Od ponad 25 lat w Ośrodku pracuje lekarz-pediatra Barbara
Kujawska, która na początku pobytu ocenia stan zdrowia każdej podopiecznej
i w miarę potrzeby kieruje do specjalistów: kardiologa, ortopedy,
alergologa, okulisty. W wielu przypadkach, np. przy wadach postawy,
konieczna jest długa i systematyczna rehabilitacja, w niektórych
konieczne były operacje. W przypadkach niedosłuchu konieczne jest
zaopatrzenie dzieci w odpowiednie aparaty. Blisko połowa dzieci objęta
jest opieką logopedy Zofii Depak, która prowadzi terapię grupową
i indywidualną. Na efekty trzeba czekać długo, czasem pierwsze symptomy
poprawy mamy dopiero po roku żmudnej pracy.

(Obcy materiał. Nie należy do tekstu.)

Lemma cornermx_pencil m (M Y : 'M[K]_(m + 1)) (mu1 mu2 t1 t2 : K) : t1 != t2 ->
  cornermx m t1 = M + mu1 *: Y -> cornermx m t2 = M + mu2 *: Y ->
  exists tau, M = cornermx m tau.
Proof.
move=> t12 e1 e2.
have eY : (mu1 - mu2) *: Y = block_mx 0 0 0 (t1 - t2)%:M.
  by rewrite -cornermxB e1 e2 scalerBl opprD addrACA subrr add0r.
have mu12 : mu1 - mu2 != 0.
  apply: contra_neq t12 => /eqP; rewrite subr_eq0 => /eqP mu12.
  by apply: (@cornermx_inj m); rewrite e1 e2 mu12.
exists (t1 - mu1 * ((mu1 - mu2)^-1 * (t1 - t2))).
rewrite (_ : M = cornermx m t1 - mu1 *: Y); last by rewrite e1 addrK.
have -> : Y = (mu1 - mu2)^-1 *: block_mx 0 0 0 (t1 - t2)%:M.
  by rewrite -eY scalerA mulVf // scale1r.
rewrite scalerA scale_block_mx !scaler0 scale_scalar_mx.
by rewrite /cornermx opp_block_mx add_block_mx !oppr0 !addr0 -raddfB mulrA.
Qed.

Definition shearmx {m} (z : 'cV[K]_m) : 'M[K]_(m + 1) := block_mx 1%:M z 0 1%:M.

Lemma shearmxN m (z : 'cV[K]_m) : shearmx (- z) *m shearmx z = 1%:M.
Proof.
rewrite /shearmx mulmx_block !mul1mx !mulmx1 !mul0mx !addr0 !add0r addrC subrr.
by rewrite mulmx0 add0r -scalar_mx_block.
Qed.

Lemma shearmx_unit m (z : 'cV[K]_m) : shearmx z \in unitmx.
Proof. by rewrite unitmxE det_ublock !det1 mulr1 unitr1. Qed.

Lemma mxrank_block0 m (d : 'cV[K]_m) (e : 'rV[K]_m) (c : 'M[K]_1) :
  d != 0 -> e != 0 -> \rank (block_mx 0 d e c) = 2%N.
Proof.
move=> d0 e0; apply/eqP; rewrite eqn_leq; apply/andP; split.
  have -> : block_mx 0 d e c =
     row_mx (col_mx d c) (col_mx 0 1%:M) *m col_mx (row_mx 0 1%:M) (row_mx e 0).
    rewrite mul_row_col !mul_col_row !mulmx0 !mulmx1 !mul0mx !mul1mx.
    by rewrite add_block_mx !addr0 !add0r.
  exact: leq_trans (mxrankM_maxl _ _) (rank_leq_col _).
have [i [j0 di]] := matrix0Pn _ d0; rewrite (ord1 j0) in di.
have [i0 [j ej]] := matrix0Pn _ e0; rewrite (ord1 i0) in ej.
set Ll := block_mx (delta_mx 0 i : 'rV[K]_m) 0 0 (1%:M : 'M[K]_1).
set Rr := row_mx (col_mx (0 : 'cV[K]_m) 1%:M) (col_mx (delta_mx j 0) (0 : 'M[K]_1)).
have minor : Ll *m (block_mx 0 d e c *m Rr) =
    block_mx (delta_mx 0 i *m d) 0 c (e *m delta_mx j 0) :> 'M[K]_(1 + 1).
  rewrite /Rr /Ll mul_mx_row !mul_block_col !mul0mx !mulmx0 !mulmx1 !add0r !addr0.
  by rewrite mul_mx_row !mul_block_col block_mxEh !mul0mx !mulmx0 !mul1mx !addr0 !add0r.
have : \rank (Ll *m (block_mx 0 d e c *m Rr)) = 2%N.
  rewrite minor mxrank_unit // unitmxE det_lblock !det_mx11 unitfE.
  by rewrite -rowE -colE !mxE mulf_neq0.
move <-; exact: leq_trans (mxrankM_maxr _ _) (mxrankM_maxl _ _).
Qed.

End BlockMatrices.

Section HermitianForms.
Variables (F : finFieldType) (q : nat).
Hypotheses (hq : (3 <= q)%N) (hF : #|F| = (q ^ 2)%N).

Local Notation cj := (@hconj F q).
Local Notation adj := (@adjmx F q _ _).

Lemma hconjK : involutive cj.
Proof. by move=> x; rewrite /hconj -exprM mulnn -hF expf_card. Qed.
(* Let $G$ be a graph, $X_C \subseteq V(G)$, $z \geq 0$, and let $H$ be an $X_C$-certificate of order $z$ in $G$. Then $H$ contains a subgraph $\hat{H}$ that is an $X_C$-certificate of order $z$ in $G$ such that $\hat{H} - X_C$ has at most $z^2 |X_C|$ connected components.
   Context: $\mathrm{oct}(H)$ denotes the minimum size of a set $S\subseteq V(H)$ with $H - S$ bipartite. For $X_C \subseteq V(G)$, an $X_C$-certificate of order $z$ is a subgraph $H$ of $G$ such that $H - X_C$ is bipartite, $\mathrm{oct}(H)=|X_C|$, and each connected component $H'$ of $H$ has $|X_C\cap V(H')|\le z$. *)

(* A graph G on a finite vertex type T is a symmetric,
   irreflexive relation e : rel T (vertex set = all of T).
   A subgraph is a pair (V, E) of a vertex set V : {set T} and a symmetric
   edge relation E : rel T whose edges join vertices of V. *)
From mathcomp Require Import all_boot all_order.
Set Implicit Arguments. Unset Strict Implicit. Unset Printing Implicit Defensive.

Section Graphs.
Variable T : finType.

Definition simple_graph (e : rel T) : Prop := symmetric e /\ irreflexive e.

Definition subgraph_of (V0 : {set T}) (E0 : rel T) (V : {set T}) (E : rel T) : Prop :=
  V \subset V0 /\ symmetric E /\
  (forall x y, E x y -> [&& E0 x y, x \in V & y \in V]).

Definition restr (V : {set T}) (E : rel T) : rel T :=
  [rel x y | [&& E x y, x \in V & y \in V]].

Definition del_V (V : {set T}) (S : {set T}) : {set T} := V :\: S.
Definition del_E (V : {set T}) (E : rel T) (S : {set T}) : rel T := restr (V :\: S) E.

Definition bipartite (V : {set T}) (E : rel T) : bool :=
  [exists f : {ffun T -> bool},
     [forall x in V, forall y in V, E x y ==> (f x != f y)]].

Definition oct (V : {set T}) (E : rel T) : nat :=
  \big[minn/#|T|]_(S : {set T} | (S \subset V) && bipartite (del_V V S) (del_E V E S)) #|S|.

Definition components (V : {set T}) (E : rel T) : {set {set T}} :=
  [set [set y in V | connect (restr V E) x y] | x in V].

Definition certificate (e : rel T) (XC : {set T}) (z : nat)
    (V : {set T}) (E : rel T) : Prop :=
  [/\ subgraph_of [set: T] e V E,
      bipartite (del_V V XC) (del_E V E XC),
      oct V E = #|XC| &
      forall C, C \in components V E -> #|XC :&: C| <= z].

End Graphs.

Równie wielkiej cierpliwości wymaga praca psychologa Marii
Słabosz, która w pierwszym etapie koncentruje się na rozpoznaniu
uzdolnień dziecka i możliwości niwelacji braków, a następnie zaleca
i nadzoruje specjalne ćwiczenia. - Prowadzę terapię w grupie, a także
w miarę możliwości ćwiczenia indywidualne. Zgodnie z nowym kierunkiem
w psychologii, który zaleca pobudzanie rozwoju intelektualnego i
fizycznego poprzez stymulowanie ciała, siostry zorganizowały niewielką
salkę gimnastyczną, w której mamy rowerki, bieżnie, a także tzw.
suchy basen z piłeczkami - mówi pani Słabosz. - Możliwości pracy
są większe również dzięki temu, że zwiększył się asortyment pomocy
dydaktycznych, dawniej trzeba było własnoręcznie wykonywać tablice
i literki.
Największa praca spoczywa jednak na wychowawczyniach poszczególnych
grup. W domu są 72 podopieczne, które podzielono na 4 grupy. Wychowawczynie
starają się zapewnić dzieciom opiekę i kontakt jak najbardziej zbliżony
do rodzinnego. - W mojej grupie jest 18 dziewczynek w różnym wieku
- mówi Lidia Kania-Prokopenko pedagog, wychowawczyni grupy trzeciej.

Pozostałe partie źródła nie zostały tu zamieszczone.